Dressed in a purple caftan the morning she welcomed me to her art-filled living room, Taylor was once again dieting —– “I absolutely HATE dieting,” she lamented. She was getting ready to do a spate of publicity for a set of CBS sitcoms on which she appeared, so there were no chocolates on the coffee table, just tea. Some forget that Taylor wrote a popular weight-loss book in 1988, Elizabeth Takes Off, which was more than a guide to her diet. She was frank about her weight problems, confessing that they were connected to her self-esteem and loneliness.

“Though I always adore good food, the call of the double-chocolate fudge in the freezer is a lot softer when I’m busy and content,” she wrote. “The Perugina chocolate creams I left out for guests don’t whisper in my ear as I try to fall asleep when my life is filled with work and people I care about.” It is astounding stuff coming from a woman who was considered among the world’s most beautiful. But perhaps it is part of why women were drawn to her as much as men. She showed her vulnerability publicly.

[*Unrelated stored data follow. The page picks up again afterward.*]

Lemma num_cyclic_subgroups1_of_count_dvd G n : 0 < n ->
    (forall m, m %| n -> count_dvd G order m = m) ->
  forall m, 0 < m -> m %| n -> num_cyclic_subgroups G m = 1%N.
Proof.
move=> n0 count_eq m m0 mn.
have : 0 < #|[set x in G | #[x] == m]| by rewrite (card_order_eq_totient n0) ?totient_gt0.
case/card_gt0P=> x; rewrite inE => /andP[Gx /eqP xm].
have Ldiv_m (K : {group gT}) : K \subset G -> #|K| = m -> K :=: [set y in G | #[y] %| m].
  move=> KG oK; apply/eqP; rewrite eqEcard -[#|[set y in G | _]|]/(count_dvd G order m).
  rewrite count_eq // oK leqnn andbT; apply/subsetP => y Ky.
  by rewrite inE (subsetP KG) // -oK order_dvdG.
have xG : <[x]> \subset G by rewrite cycle_subG.
apply/eqP/cards1P; exists <[x]>%G; apply/setP => H; rewrite !inE.
apply/and3P/eqP => [[HG _ /eqP oH] | ->]; last by rewrite xG cycle_cyclic /= -/(order x) xm.
by apply: val_inj; rewrite /= (Ldiv_m _ HG oH) (Ldiv_m _ xG).
Qed.

Lemma count_dvd_odd G m : odd m -> (2 * m %| #|G|)%N ->
  count_dvd G order (2 * m) = (2 * m)%N -> count_dvd G order m = m.
Proof.
move=> m_odd mG count2m; have m0 : 0 < m := odd_gt0 m_odd.
have m2m : m %| 2 * m by apply: dvdn_mull.
have mG' := dvdn_trans m2m mG.
have sub : [set x in G | #[x] %| m] \subset [set x in G | #[x] %| 2 * m].
  by apply/subsetP => x; rewrite !inE => /andP[-> /dvdn_trans->].
have le2m : count_dvd G order m <= 2 * m by rewrite -count2m subset_leq_card.
have [k def_k] := dvdnP (dvdn_count_dvd mG').
have k_gt0 : 0 < k by rewrite -(ltn_pmul2r m0) -def_k (leq_trans m0) ?count_dvd_ge.
have : k <= 2 by rewrite -(leq_pmul2r m0) -def_k.
case: k k_gt0 def_k => [|[|[|]]] // _ def_k _; first by rewrite def_k mul1n.
have /subset_cardP/(_ sub) same : #|[set x in G | #[x] %| m]| = #|[set x in G | #[x] %| 2 * m]|.
  exact: etrans def_k (esym count2m).
have [x Gx ox2] := Cauchy (isT : prime 2) (dvdn_trans (dvdn_mulr m (dvdnn 2)) mG).
by have := same x; rewrite !inE Gx ox2 dvdn_mulr //= dvdn2 m_odd.
Qed.

End CyclicSubgroups.

(* The weight fails to drop only at the step 1 -> 2 when s = 0; an odd m is then
   reached through 2m. *)
Lemma count_dvd_of_drops_at (gT : finGroupType) (G : {group gT}) n r s :
    Rlt s r -> Rle s 0 -> 0 < n -> n %| #|G| ->
    (forall m, m %| n -> drops_at (weight r s) n m -> count_dvd G order m = m) ->
  forall m, m %| n -> count_dvd G order m = m.
Proof.
move=> s_lt_r s_le0 n0 nG count_eq m mn; have m0 := dvdn_gt0 n0 mn.
have drops k : 0 < k -> Rlt s 0 \/ 2 %| k \/ ~~ (2 %| n) -> drops_at (weight r s) n k.
  exact: weight_drops_at.
have [s_lt0 | _] := Rlt_le_dec s 0; first by apply: count_eq => //; apply: drops => //; left.
have [m2 | m_odd] := boolP (2 %| m).
  by apply: count_eq => //; apply: drops => //; right; left.
have [n2 | n_odd] := boolP (2 %| n); last first.
  by apply: count_eq => //; apply: drops => //; right; right.
have odd_m : odd m by rewrite -[odd m]negbK -dvdn2.
have m2n : 2 * m %| n by rewrite Gauss_dvd ?coprime2n ?n2.
apply: count_dvd_odd; rewrite ?(dvdn_trans m2n nG) //.
by apply: count_eq => //; apply: drops; [rewrite muln_gt0 | right; left; rewrite dvdn_mulr].
Qed.

Lemma Rsum_wsum (gT : finGroupType) (A : {set gT}) n r s :
  Rsum A n r s = wsum (weight r s) [set x in A | #[x]%g %| n] order.
Proof. by apply: eq_bigl => x; rewrite inE. Qed.

Lemma count_dvd_restrict (gT : finGroupType) (A : {set gT}) n m : m %| n ->
  count_dvd [set x in A | #[x]%g %| n] order m = count_dvd A order m.
Proof.
move=> mn; apply: eq_card => x; rewrite !inE -andbA.
by case: (x \in A) => //=; apply: andb_idl => /dvdn_trans->.
Qed.

Section RsumComparison.
Variables (r s : R) (gT hT : finGroupType) (A : {set gT}) (B : {set hT}) (n : nat).
Hypotheses (s_lt_r : Rlt s r) (s_le0 : Rle s 0) (n_gt0 : 0 < n).
Hypothesis count_le : forall m, m %| n -> count_dvd B order m <= count_dvd A order m.

Let count_le_restrict m : m %| n ->
  count_dvd [set y in B | #[y]%g %| n] order m <= count_dvd [set x in A | #[x]%g %| n] order m.
Proof. by move=> mn; rewrite !count_dvd_restrict //; apply: count_le. Qed.

Lemma Rsum_le_of_count_dvd_le : Rle (Rsum B n r s) (Rsum A n r s).
Proof.
rewrite !Rsum_wsum; apply: wsum_le_of_count_dvd_le n_gt0 _ _ count_le_restrict.
- exact: weight_gt0.
- exact: weight_mul.
- exact: weight_ppow_le.
- by move=> x /setIdP[].
- by move=> x /setIdP[].
Qed.

Lemma Rsum_lt_of_count_dvd_lt m : m %| n -> drops_at (weight r s) n m ->
  count_dvd B order m < count_dvd A order m -> Rlt (Rsum B n r s) (Rsum A n r s).
Proof.
move=> mn dm lt_m; rewrite !Rsum_wsum.
apply: (wsum_lt_of_count_dvd_lt _ _ _ n_gt0 _ _ count_le_restrict mn dm).
- exact: weight_gt0.
- exact: weight_mul.
- exact: weight_ppow_le.
- by move=> x /setIdP[].
- by move=> x /setIdP[].
by rewrite !count_dvd_restrict.
Qed.

End RsumComparison.

Lemma cyclic_Zp N : cyclic (Zp N).
Proof. by rewrite /Zp; case: ifP => _; [rewrite Zp_cycle cycle_cyclic | exact: cyclic1]. Qed.

Lemma count_dvd_Cyc N m : 0 < N -> m %| N -> count_dvd (Cyc N) order m = m.
Proof. by move=> N0 mN; rewrite (count_dvd_cyclic (C := Zp_group N)) ?cyclic_Zp ?card_Zp. Qed.

Theorem mainTheorem4 (r s : R) (gT : finGroupType) (G : {group gT}) (n : nat) :
  Rlt s r -> Rle s R0 -> (0 < n)%N -> (n %| #|G|)%N ->
  Rle R0 (Tsum G n r s) /\
  (Tsum G n r s = R0 <->
     (forall m : nat, (0 < m)%N -> (m %| n)%N -> num_cyclic_subgroups G m = 1%N)).
Proof.
move=> s_lt_r s_le0 n0 nG; rewrite /Tsum.
(* Naming the goal's own sums lets lra match them: restating them elaborates #|G|
   through a different coercion path. *)
set RG := Rsum G n r s; set RC := Rsum (Cyc _) n r s.
have countC m : m %| n -> count_dvd (Cyc #|G|) order m = m.
  by move=> mn; rewrite count_dvd_Cyc ?cardG_gt0 ?(dvdn_trans mn nG).
have countCG m : m %| n -> count_dvd (Cyc #|G|) order m <= count_dvd G order m.
  by move=> mn; rewrite countC // count_dvd_ge ?(dvdn_trans mn nG).
have le_CG : Rle RC RG by apply: Rsum_le_of_count_dvd_le.
split; first lra.
split => [T0 | uniq].
- apply: (num_cyclic_subgroups1_of_count_dvd n0).
  apply: (count_dvd_of_drops_at s_lt_r s_le0) => // m mn dm.
  have := countCG m mn; rewrite countC // leq_eqVlt => /orP[/eqP // | lt].
  have : Rlt RC RG.
    by apply: (Rsum_lt_of_count_dvd_lt s_lt_r s_le0 n0 countCG mn dm); rewrite countC.
  lra.
- have : Rle RG RC.
    apply: Rsum_le_of_count_dvd_le => // m mn.
    by rewrite countC // (count_dvd_of_num_cyclic_subgroups1 n0).
  lra.
Qed.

It’s ironic that Elizabeth Taylor died of heart failure as her heart had soared and shattered through all those marriages beginning with the first one at 21 to Nicky Hilton. Richard Burton was the love of her life —– she married him twice —- but theirs was a tempestuous and eventually untenable pairing. For all the scandals related to her marital demises, none revolved around money. She left each husband without asking for anything — she was proud of that, too. Sen. John Warner, to whom Taylor was married from 1976 until 1982, told me that when they were together living in Washington, D.C., she had her money, he had his money and they both contributed to “the cookie jar,” which they used for joint household expenses.

Warner and Taylor remained good friends after their breakup, which could not be said of her relationships with all of her ex-husbands. But Taylor was a generous and loyal friend and she was a mother who adored the company of her children and grandchildren, some of whom gathered for Sunday dinners at Taylor’s home. Taylor died not in her comfortable home but in a hospital. At least she was surrounded by the children.